ABOUT THIS TASK: The listing below contains a span that opens with the line containing "[&& uniq p, all odd p & sumn p == n]." and closes with the line containing "rho (snswap a b) * c k". Return that span exactly.

GIVEN INFORMATION:

⁂

(* Let $\mathcal{H}^c_{D_n}$ be the degenerate affine Hecke–Clifford algebra of type $D_n$, $n\ge4$, and let $w\in W_{D_n}$ have signed cycle type $(\lambda,\mu)$. If $n$ is odd and it is not the case that ($\lambda\in\mathcal{OP}$, $\mu\in\mathcal{EP}$ and $\ell(\mu)$ even), then $w\in[\mathcal{H}^c_{D_n},\mathcal{H}^c_{D_n}]$. If $n$ is even, it is not the case that ($\lambda\in\mathcal{OP}$, $\mu\in\mathcal{EP}$ and $\ell(\mu)$ even), and it is not the case that ($\lambda=\emptyset$ and $\mu\in\mathcal{SOP}_n$), then $w\in[\mathcal{H}^c_{D_n},\mathcal{H}^c_{D_n}]$.
   Context: $W_{D_n}$ is the group of signed permutations of $\{1,\dots,n\}$ with an even number of sign changes, generated by $s_i=(i,i+1)$ ($1\le i\le n-1$) and $s_n$ with $s_n(e_{n-1})=-e_n$, $s_n(e_n)=-e_{n-1}$. The signed cycle type $(\lambda,\mu)$ of $w$: $\lambda$ (resp. $\mu$) lists the lengths of cycles of the underlying permutation with an even (resp. odd) number of sign changes. $\mathcal{OP}$: partitions with all parts odd; $\mathcal{EP}$: all parts even; $\mathcal{SOP}_n$: partitions of $n$ into distinct odd parts; $\ell(\mu)$ number of parts. With parameter $u\in\mathbb{C}$, $\mathcal{H}^c_{D_n}$ is generated by commuting $x_1,\dots,x_n$, Clifford generators $c_1,\dots,c_n$ ($c_i^2=1$, $c_ic_j=-c_jc_i$, $i\ne j$) and $W_{D_n}$, with these as subalgebras and relations $x_ic_i=-c_ix_i$, $x_ic_j=c_jx_i$ ($i\ne j$), $\sigma c_i=c_{\sigma(i)}\sigma$ for $\sigma\in\langle s_1,\dots,s_{n-1}\rangle$, $x_{i+1}s_i-s_ix_i=u(1-c_{i+1}c_i)$, $x_js_i=s_ix_j$ ($j\ne i,i+1$) for $i<n$, and $s_nc_n=-c_{n-1}s_n$, $s_nc_i=c_is_n$ ($i\ne n-1,n$), $s_nx_n+x_{n-1}s_n=-u(1+c_{n-1}c_n)$, $s_nx_i=x_is_n$ ($i\ne n-1,n$). $[H,H]$ is the linear span of all $hh'-h'h$. *)

From mathcomp Require Import all_boot all_order all_algebra all_fingroup.
From mathcomp Require Import Rstruct complex.
Set Implicit Arguments. Unset Strict Implicit. Unset Printing Implicit Defensive.
Import GRing.Theory.
Local Open Scope ring_scope.

Definition CC : fieldType := complex Rdefinitions.R.

(* A signed permutation of {1..n} is encoded as a permutation of the set
   {+-e_i} = 'I_n * bool, where (i,false) stands for e_i and (i,true) for
   -e_i, commuting with negation. *)
Definition sneg n (v : 'I_n * bool) : 'I_n * bool := (v.1, ~~ v.2).

Definition signed_perm n (w : {perm 'I_n * bool}) : bool :=
  [forall v, w (sneg v) == sneg (w v)].

Definition under n (w : {perm 'I_n * bool}) (i : 'I_n) : 'I_n := (w (i, false)).1.
Definition signch n (w : {perm 'I_n * bool}) (i : 'I_n) : bool := (w (i, false)).2.

Definition WD n : {set {perm 'I_n * bool}} :=
  [set w | signed_perm w && ~~ odd #|[set i | signch w i]|].

(* s_i = (i, i+1) (for 0-indexed i, j = i+1) *)
Definition sswap n (i j : 'I_n) : {perm 'I_n * bool} :=
  (tperm (i, false) (j, false) * tperm (i, true) (j, true))%g.
(* s_n : e_a |-> -e_b, e_b |-> -e_a  (a = n-1, b = n in 1-indexed terms) *)
Definition snswap n (a b : 'I_n) : {perm 'I_n * bool} :=
  (tperm (a, false) (b, true) * tperm (a, true) (b, false))%g.

Definition Sgens n : {set {perm 'I_n * bool}} :=
  [set sswap p.1 p.2 | p : ('I_n * 'I_n) & val p.2 == (val p.1).+1].

Definition wcycles n (w : {perm 'I_n * bool}) : seq (seq 'I_n) :=
  [seq fingraph.orbit (under w) r | r <- enum 'I_n & froot (under w) r == r].

Definition ctype_lambda n (w : {perm 'I_n * bool}) : seq nat :=
  sort geq [seq size cy | cy <- wcycles w & ~~ odd (count (signch w) cy)].
Definition ctype_mu n (w : {perm 'I_n * bool}) : seq nat :=
  sort geq [seq size cy | cy <- wcycles w & odd (count (signch w) cy)].

Definition isOP (p : seq nat) : bool := all odd p.
Definition isEP (p : seq nat) : bool := all (fun k => ~~ odd k) p.
Definition isSOP (n : nat) (p : seq nat) : bool :=
  [&& uniq p, all odd p & sumn p == n].

(* Group law:
   mathcomp's (g * h)%g is "first g, then h", i.e. the composite h o g, so
   rho (g * h) = rho h * rho g expresses rho(h o g) = rho h rho g. *)
Definition HC_rels n (u : CC) (A : algType CC) (x c : 'I_n -> A)
    (rho : {perm 'I_n * bool} -> A) : Prop :=
  (forall i j, x i * x j = x j * x i) /\
  (forall i, c i * c i = 1) /\
  (forall i j, i != j -> c i * c j = - (c j * c i)) /\
  rho 1%g = 1 /\
  (forall g h, g \in WD n -> h \in WD n -> rho (g * h)%g = rho h * rho g) /\
  (forall i, x i * c i = - (c i * x i)) /\
  (forall i j, i != j -> x i * c j = c j * x i) /\
  (forall s i, s \in <<Sgens n>>%g -> rho s * c i = c (under s i) * rho s) /\
  (forall i j : 'I_n, val j = (val i).+1 ->
     x j * rho (sswap i j) - rho (sswap i j) * x i = u *: (1 - c j * c i)) /\
  (forall i j k : 'I_n, val j = (val i).+1 -> k != i -> k != j ->
     x k * rho (sswap i j) = rho (sswap i j) * x k) /\
  (forall a b : 'I_n, val a = (n - 2)%N -> val b = (n - 1)%N ->
     rho (snswap a b) * c b = - (c a * rho (snswap a b))) /\
  (forall a b k : 'I_n, val a = (n - 2)%N -> val b = (n - 1)%N -> k != a -> k != b ->
     rho (snswap a b) * c k = c k * rho (snswap a b)) /\
  (forall a b : 'I_n, val a = (n - 2)%N -> val b = (n - 1)%N ->
     rho (snswap a b) * x b + x a * rho (snswap a b) = - (u *: (1 + c a * c b))) /\
  (forall a b k : 'I_n, val a = (n - 2)%N -> val b = (n - 1)%N -> k != a -> k != b ->
     rho (snswap a b) * x k = x k * rho (snswap a b)).

Definition in_comm_span (A : algType CC) (z : A) : Prop :=
  exists s : seq (CC * A * A),
    z = \sum_(t <- s) t.1.1 *: (t.1.2 * t.2 - t.2 * t.1.2).

From mathcomp Require Import all_boot all_order all_algebra all_fingroup.
From mathcomp Require Import Rstruct complex.
From mathcomp Require Import zify.
Import GRing.Theory.
Local Open Scope ring_scope.
Set Implicit Arguments. Unset Strict Implicit. Unset Printing Implicit Defensive.
Lemma integral_solutions_eq (N : nat) (F : (nat -> R) -> nat -> R) (X Y : R -> nat -> R)
    (a : nat -> R) (t0 t1 L K : R) :
  0 <= L -> INR N * L * (t1 - t0) <= / 2 ->
  (forall s j, t0 <= s <= t1 -> (j < N)%nat -> X s j = a j + RInt (fun u => F (X u) j) t0 s) ->
  (forall s j, t0 <= s <= t1 -> (j < N)%nat -> Y s j = a j + RInt (fun u => F (Y u) j) t0 s) ->
  (forall s j, t0 <= s <= t1 -> (j < N)%nat -> continuous (fun u => F (X u) j) s) ->
  (forall s j, t0 <= s <= t1 -> (j < N)%nat -> continuous (fun u => F (Y u) j) s) ->
  (forall s j, t0 <= s <= t1 -> (j < N)%nat ->
     Rabs (F (X s) j - F (Y s) j) <= L * l1_dist N (X s) (Y s)) ->
  (forall s, t0 <= s <= t1 -> l1_dist N (X s) (Y s) <= K) ->
  forall s j, t0 <= s <= t1 -> (j < N)%nat -> X s j = Y s j.
Proof.
  intros HL HLt HX HY HcX HcY Hlip HK s j Hs Hj.
  assert (Hex : forall (Z : R -> nat -> R) u l,
    (forall s l, t0 <= s <= t1 -> (l < N)%nat -> continuous (fun v => F (Z v) l) s) ->
    t0 <= u <= t1 -> (l < N)%nat -> ex_RInt (fun v => F (Z v) l) t0 u).
  { intros Z u l HcZ Hu Hl. apply (ex_RInt_continuous (V := R_CompleteNormedModule)).
    intros z Hz. rewrite Rmin_left, Rmax_right in Hz by lra. apply HcZ; [lra | exact Hl]. }
  assert (Hhalve : forall m u, t0 <= u <= t1 -> l1_dist N (X u) (Y u) <= K / 2 ^ m).
  { induction m as [|m IH]; intros u Hu; [rewrite pow_O, Rdiv_1_r; apply HK, Hu|].
    assert (HK0 : 0 <= K / 2 ^ m) by (eapply Rle_trans; [apply l1_dist_nonneg | apply (IH u Hu)]).
    apply Rle_trans with (sumR (fun _ => L * (K / 2 ^ m) * (t1 - t0)) N).
    - apply sumR_le. intros l Hl. rewrite (HX u l Hu Hl), (HY u l Hu Hl), Rminus_plus_l_l.
      eapply Rle_trans; [apply abs_RInt_sub_le with (K := L * (K / 2 ^ m))|].
      + apply (Hex X); assumption.
      + apply (Hex Y); assumption.
      + intros x Hx. rewrite Rmin_left, Rmax_right in Hx by lra.
        eapply Rle_trans; [apply Hlip; [lra | exact Hl]|].
        apply Rmult_le_compat_l; [exact HL | apply IH; lra].
      + apply Rmult_le_compat_l; [nra|]. rewrite Rabs_right; lra.
    - rewrite sumR_const. pose proof (pos_INR N).
      replace (K / 2 ^ S m) with (/ 2 * (K / 2 ^ m)) by (simpl pow; field; apply pow_nonzero; lra).
      replace (INR N * (L * (K / 2 ^ m) * (t1 - t0))) with ((INR N * L * (t1 - t0)) * (K / 2 ^ m))
        by ring.
      apply Rmult_le_compat_r; assumption. }
  apply Rminus_diag_uniq, (eq_0_of_forall_abs_le_div_pow2 _ K). intros m.
  eapply Rle_trans; [apply Rabs_sub_le_l1_dist, Hj | apply Hhalve, Hs].
Qed.



(** * The system and the continuation of bounded solutions *)

(* Coordinates [0 .. n-1] of a state hold [λ_0, ..., λ_(n-1)] and coordinate [n] holds [ρ]. *)
Definition sys_state (n : nat) (lam : nat -> R -> R) (rho : R -> R) (t : R) (j : nat) : R :=
  if (j <? n)%nat then lam j t else rho t.

Definition sys_field (n : nat) (k cb : R) (x : nat -> R) (j : nat) : R :=
  if (j <? n)%nat then - x j ^ 2 + k / INR n * (x n - cb) else - x n * sumR x n.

⁂

RESPONSE BELOW:
  [&& uniq p, all odd p & sumn p == n].

(* Group law:
   mathcomp's (g * h)%g is "first g, then h", i.e. the composite h o g, so
   rho (g * h) = rho h * rho g expresses rho(h o g) = rho h rho g. *)
Definition HC_rels n (u : CC) (A : algType CC) (x c : 'I_n -> A)
    (rho : {perm 'I_n * bool} -> A) : Prop :=
  (forall i j, x i * x j = x j * x i) /\
  (forall i, c i * c i = 1) /\
  (forall i j, i != j -> c i * c j = - (c j * c i)) /\
  rho 1%g = 1 /\
  (forall g h, g \in WD n -> h \in WD n -> rho (g * h)%g = rho h * rho g) /\
  (forall i, x i * c i = - (c i * x i)) /\
  (forall i j, i != j -> x i * c j = c j * x i) /\
  (forall s i, s \in <<Sgens n>>%g -> rho s * c i = c (under s i) * rho s) /\
  (forall i j : 'I_n, val j = (val i).+1 ->
     x j * rho (sswap i j) - rho (sswap i j) * x i = u *: (1 - c j * c i)) /\
  (forall i j k : 'I_n, val j = (val i).+1 -> k != i -> k != j ->
     x k * rho (sswap i j) = rho (sswap i j) * x k) /\
  (forall a b : 'I_n, val a = (n - 2)%N -> val b = (n - 1)%N ->
     rho (snswap a b) * c b = - (c a * rho (snswap a b))) /\
  (forall a b k : 'I_n, val a = (n - 2)%N -> val b = (n - 1)%N -> k != a -> k != b ->
     rho (snswap a b) * c k = c k * rho (snswap a b)) /\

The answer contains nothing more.